(* Let $i\colon H\to G$ be a faithful functor of finite groupoids. Let $E\xrightarrow{k}E'\xrightarrow{\iota_{E'}}H$ and $F\xrightarrow{\ell}F'\xrightarrow{\iota_{F'}}H$ be faithful functors, and put $\iota_E=\iota_{E'}k$, $\iota_F=\iota_{F'}\ell$. Consider the decompositions $E\times_GF\cong E\times_HF\sqcup\partial_i(E,F)$ and $E'\times_GF'\cong E'\times_HF'\sqcup\partial_i(E',F')$. Then the canonical functor $E\times_GF\to E'\times_GF'$, $(x,y,g)\mapsto(k(x),\ell(y),g)$, respects these decompositions: it maps (the image of) $E\times_HF$ into (the image of) $E'\times_HF'$, where it agrees with the functor $(x,y,h)\mapsto(k(x),\ell(y),h)$, and it maps $\partial_i(E,F)$ into $\partial_i(E',F')$. Hence it defines a unique functor $\partial_i(k,\ell)\colon\partial_i(E,F)\to\partial_i(E',F')$, and this functor is faithful.
   Context: A finite groupoid is a finite category all of whose morphisms are invertible. For functors $a\colon X\to Z$, $b\colon Y\to Z$ of finite groupoids, the isocomma $X\times_ZY$ has objects the triples $(x,y,g)$ with $x\in X$, $y\in Y$, $g\colon a(x)\to b(y)$ an isomorphism in $Z$, and morphisms $(x,y,g)\to(x',y',g')$ the pairs $(h,k)$, $h\colon x\to x'$, $k\colon y\to y'$, with $g'a(h)=b(k)g$. Here $E\times_HF$ is the isocomma of $\iota_E,\iota_F$ and $E\times_GF$ that of $i\iota_E,i\iota_F$ (similarly for $E',F'$). The functor $E\times_HF\to E\times_GF$, $(x,y,h)\mapsto(x,y,i(h))$, identity on morphisms, is fully faithful with image a union of connected components; $\partial_i(E,F)$ is the full subgroupoid of $E\times_GF$ consisting of the connected components not meeting this image, so that $E\times_GF\cong E\times_HF\sqcup\partial_i(E,F)$. *)

From mathcomp Require Import all_boot.
Set Implicit Arguments.
Unset Strict Implicit.
Unset Printing Implicit Defensive.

Your assignment -> Would you please copy every line in the data that contains the word "Unset"?

Written solution ->
Unset Strict Implicit.
Unset Printing Implicit Defensive.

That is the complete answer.